(Entries supplied Opens)

(* Fix a reflection matrix $\mathbf\Phi$ and suppose problem (SDR1.2) has an optimal solution. Then there exists an optimal solution $(\{\mathbf W_k^\star\},\mathbf R_0^\star)$ of (SDR1.2) with $\mathbf R_0^\star=\mathbf 0$.
   Context: Let $M,N,K\ge1$ be integers and $\mathcal K=\{1,\dots,K\}$. Fixed data: $\mathbf G\in\mathbb C^{N\times M}$, $\mathbf h_{\mathrm d,k}\in\mathbb C^{M}$ and $\mathbf h_{\mathrm r,k}\in\mathbb C^{N}$ for $k\in\mathcal K$, thresholds $\Gamma_k>0$, noise powers $\sigma_k^2>0$, and a power budget $P_0>0$. A reflection matrix is $\mathbf\Phi=\mathrm{diag}(\mathbf v)$ with $\mathbf v\in\mathbb C^N$, $|v_n|=1$ for all $n$. For a given $\mathbf\Phi$ put $\mathbf h_k=\mathbf h_{\mathrm d,k}+\mathbf G^H\mathbf\Phi^H\mathbf h_{\mathrm r,k}$ and $\mathbf H_k=\mathbf h_k\mathbf h_k^H$. For Hermitian $\mathbf X\succeq\mathbf 0$ define $f(\mathbf X)=\mathrm{tr}\big((\mathbf G\mathbf X\mathbf G^H)^{-1}\big)$ if $\mathbf G\mathbf X\mathbf G^H$ is invertible and $f(\mathbf X)=+\infty$ otherwise. Problem (SDR1.2) (for fixed $\mathbf\Phi$): minimize $f\big(\sum_k\mathbf W_k+\mathbf R_0\big)$ over Hermitian $\mathbf W_k\succeq\mathbf 0$ ($k\in\mathcal K$) and $\mathbf R_0\succeq\mathbf 0$, subject to $(1+\tfrac1{\Gamma_k})\mathrm{tr}(\mathbf H_k\mathbf W_k)-\mathrm{tr}\big(\mathbf H_k(\sum_{i}\mathbf W_i+\mathbf R_0)\big)\ge\sigma_k^2$ for all $k$, and $\sum_k\mathrm{tr}(\mathbf W_k)+\mathrm{tr}(\mathbf R_0)\le P_0$. *)

(* Complex scalars: an arbitrary numClosedFieldType C
   (e.g. the complex numbers); the order on C is the usual partial order
   (x <= y iff y - x is a nonnegative real). *)
From HB Require Import structures.
From mathcomp Require Import all_boot all_order all_algebra.
Set Implicit Arguments. Unset Strict Implicit. Unset Printing Implicit Defensive.
Import Order.TTheory GRing.Theory Num.Theory.
Local Open Scope ring_scope.
Local Open Scope sesquilinear_scope.

Section SDR.
Variable C : numClosedFieldType.

Definition ctr m n (A : 'M[C]_(m, n)) : 'M[C]_(n, m) := A ^t*.

Definition hermitian n (A : 'M[C]_n) : Prop := ctr A = A.

Definition psd n (A : 'M[C]_n) : Prop :=
  hermitian A /\ forall x : 'cV[C]_n, 0 <= (ctr x *m A *m x) 0 0.

(* extended values: None = +infinity *)
Definition ext_le (a b : option C) : Prop :=
  match a, b with
  | _, None => True
  | None, Some _ => False
  | Some x, Some y => x <= y
  end.

Definition fobj N M (G : 'M[C]_(N, M)) (X : 'M[C]_M) : option C :=
  let Y := G *m X *m ctr G in
  if Y \in unitmx then Some (\tr (invmx Y)) else None.

Definition Phi N (v : 'cV[C]_N) : 'M[C]_N := diag_mx v^T.

Definition heff N M (G : 'M[C]_(N, M)) (v : 'cV[C]_N)
  (hd : 'cV[C]_M) (hr : 'cV[C]_N) : 'cV[C]_M :=
  hd + ctr G *m ctr (Phi v) *m hr.

Definition Hmat M (h : 'cV[C]_M) : 'M[C]_M := h *m ctr h.

Definition feasible N M K (G : 'M[C]_(N, M)) (v : 'cV[C]_N)
  (hd : 'I_K -> 'cV[C]_M) (hr : 'I_K -> 'cV[C]_N)
  (Gam sig2 : 'I_K -> C) (P0 : C)
  (W : 'I_K -> 'M[C]_M) (R0 : 'M[C]_M) : Prop :=
  (forall k, psd (W k)) /\ psd R0 /\
  (forall k,
     let H := Hmat (heff G v (hd k) (hr k)) in
     (1 + (Gam k)^-1) * \tr (H *m W k)
       - \tr (H *m (\sum_i W i + R0)) >= sig2 k) /\
  \sum_k \tr (W k) + \tr R0 <= P0.

Definition optimal N M K (G : 'M[C]_(N, M)) (v : 'cV[C]_N)
  (hd : 'I_K -> 'cV[C]_M) (hr : 'I_K -> 'cV[C]_N)
  (Gam sig2 : 'I_K -> C) (P0 : C)
  (W : 'I_K -> 'M[C]_M) (R0 : 'M[C]_M) : Prop :=
  feasible G v hd hr Gam sig2 P0 W R0 /\
  forall W' R0', feasible G v hd hr Gam sig2 P0 W' R0' ->
    ext_le (fobj G (\sum_k W k + R0)) (fobj G (\sum_k W' k + R0')).

End SDR.

From Pilot Require Import Defs.
From HB Require Import structures.
From mathcomp Require Import all_boot all_order all_algebra.
Import Order.TTheory GRing.Theory Num.Theory.
Local Open Scope ring_scope.

(* Given an optimal solution ({W_k}, R0) of
   (SDR1.2), fold the dedicated sensing covariance R0 into one beamformer:
   W'_k0 = W_k0 + R0 and W'_k = W_k otherwise, with R0' = 0.
   - The total covariance sum_k W'_k + 0 equals sum_k W_k + R0, so the
     objective f and the total transmit power are unchanged.
   - Each W'_k is PSD because PSD matrices are closed under addition.
   - In the SINR constraint of user k the interference term
     tr(H_k (sum_i W'_i)) is unchanged, while the useful-signal term can
     only grow: for k = k0 it gains (1 + 1/Gamma_k0) tr(H_k0 R0) >= 0,
     since tr(h h^H R) = h^H R h >= 0 for PSD R.
   Hence ({W'_k}, 0) is feasible with the same objective value as the
   optimum, so it is optimal. *)

Section PSD.
Variable C : numClosedFieldType.

Lemma psd0 n : psd (0 : 'M[C]_n).
Proof.
split; first by apply/matrixP => i j; rewrite !mxE rmorph0.
by move=> x; rewrite mulmx0 mul0mx mxE.
Qed.

Lemma psdD n (A B : 'M[C]_n) : psd A -> psd B -> psd (A + B).
Proof.
move=> [hA pA] [hB pB]; split.
  rewrite /Defs.hermitian in hA hB *; rewrite -[in RHS]hA -[in RHS]hB.
  by apply/matrixP => i j; rewrite !mxE rmorphD.
by move=> x; rewrite mulmxDr mulmxDl mxE; apply: addr_ge0.
Qed.

(* tr(h h^H R) = h^H R h is a nonnegative real when R is PSD. *)
Lemma trace_Hmat_ge0 n (h : 'cV[C]_n) (R : 'M[C]_n) :
  psd R -> 0 <= \tr (Hmat h *m R).
Proof.
move=> [_ pR]; rewrite /Hmat -mulmxA mxtrace_mulC -mulmxA.
by rewrite /mxtrace big_ord1 mulmxA; apply: pR.
Qed.

End PSD.

Section Folding.
Variables (C : numClosedFieldType) (M K : nat).
Variables (W : 'I_K -> 'M[C]_M) (R0 : 'M[C]_M) (k0 : 'I_K).

Definition fold_beams (k : 'I_K) : 'M[C]_M :=
  if k == k0 then W k + R0 else W k.

Lemma sum_fold_beams : \sum_k fold_beams k = \sum_k W k + R0.
Proof.
rewrite (bigD1 k0) //= [in RHS](bigD1 k0) //= /fold_beams eqxx.
rewrite -addrA [R0 + _]addrC addrA; congr (_ + _ + _).
by apply: eq_bigr => i /negPf ->.
Qed.

Lemma trace_sum_fold_beams :
  \sum_k \tr (fold_beams k) = \sum_k \tr (W k) + \tr R0.
Proof. by rewrite -!raddf_sum /= sum_fold_beams raddfD. Qed.

End Folding.

Arguments fold_beams {C M K} W R0 k0 k.

Lemma feasible_fold_beams (C : numClosedFieldType) N M K
    (G : 'M[C]_(N, M)) (v : 'cV[C]_N)
    (hd : 'I_K -> 'cV[C]_M) (hr : 'I_K -> 'cV[C]_N)
    (Gam sig2 : 'I_K -> C) (P0 : C) (W : 'I_K -> 'M[C]_M) (R0 : 'M[C]_M)
    (k0 : 'I_K) :
  0 < Gam k0 ->
  feasible G v hd hr Gam sig2 P0 W R0 ->
  feasible G v hd hr Gam sig2 P0 (fold_beams W R0 k0) 0.
Proof.
move=> Gam_k0_gt0 [psdW [psdR [sinr power]]].
split; first by move=> k; rewrite /fold_beams; case: ifP => _ //; apply: psdD.
split; first exact: psd0.
split; last by rewrite trace_sum_fold_beams mxtrace0 addr0.
move=> k /=; rewrite addr0 sum_fold_beams.
apply: (le_trans (sinr k)); rewrite lerD2r /fold_beams; case: eqP => [->|_] //.
rewrite mulmxDr mxtraceD mulrDr lerDl.
apply: mulr_ge0; last exact: trace_Hmat_ge0.
by rewrite addr_ge0 // invr_ge0 ltW.
Qed.

Theorem proposition2 (C : numClosedFieldType) (M N K : nat)
  (HM : (1 <= M)%N) (HN : (1 <= N)%N) (HK : (1 <= K)%N)
  (G : 'M[C]_(N, M)) (hd : 'I_K -> 'cV[C]_M) (hr : 'I_K -> 'cV[C]_N)
  (Gam sig2 : 'I_K -> C) (P0 : C)
  (HGam : forall k, 0 < Gam k) (Hsig : forall k, 0 < sig2 k) (HP0 : 0 < P0)
  (v : 'cV[C]_N) (Hv : forall n, `|v n 0| = 1) :
  (exists (W : 'I_K -> 'M[C]_M) (R0 : 'M[C]_M),
      optimal G v hd hr Gam sig2 P0 W R0) ->
  exists W : 'I_K -> 'M[C]_M, optimal G v hd hr Gam sig2 P0 W 0.
Proof.
move=> [W [R0 [feasWR0 optWR0]]].
pose k0 : 'I_K := Ordinal HK.
exists (fold_beams W R0 k0); split; first exact: feasible_fold_beams (HGam k0) feasWR0.
by move=> W' R0' feas'; rewrite addr0 sum_fold_beams; apply: optWR0.
Qed.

(Entries supplied Closes)

● **To do**
Reproduce exactly the stretch of the material above that starts at the line with "Theorem proposition2 (C" and ends at the line with "(v : 'cV[C]_N) (Hv", both included, and nothing else.

● **Task answer**
Theorem proposition2 (C : numClosedFieldType) (M N K : nat)
  (HM : (1 <= M)%N) (HN : (1 <= N)%N) (HK : (1 <= K)%N)
  (G : 'M[C]_(N, M)) (hd : 'I_K -> 'cV[C]_M) (hr : 'I_K -> 'cV[C]_N)
  (Gam sig2 : 'I_K -> C) (P0 : C)
  (HGam : forall k, 0 < Gam k) (Hsig : forall k, 0 < sig2 k) (HP0 : 0 < P0)
  (v : 'cV[C]_N) (Hv : forall n, `|v n 0| = 1) :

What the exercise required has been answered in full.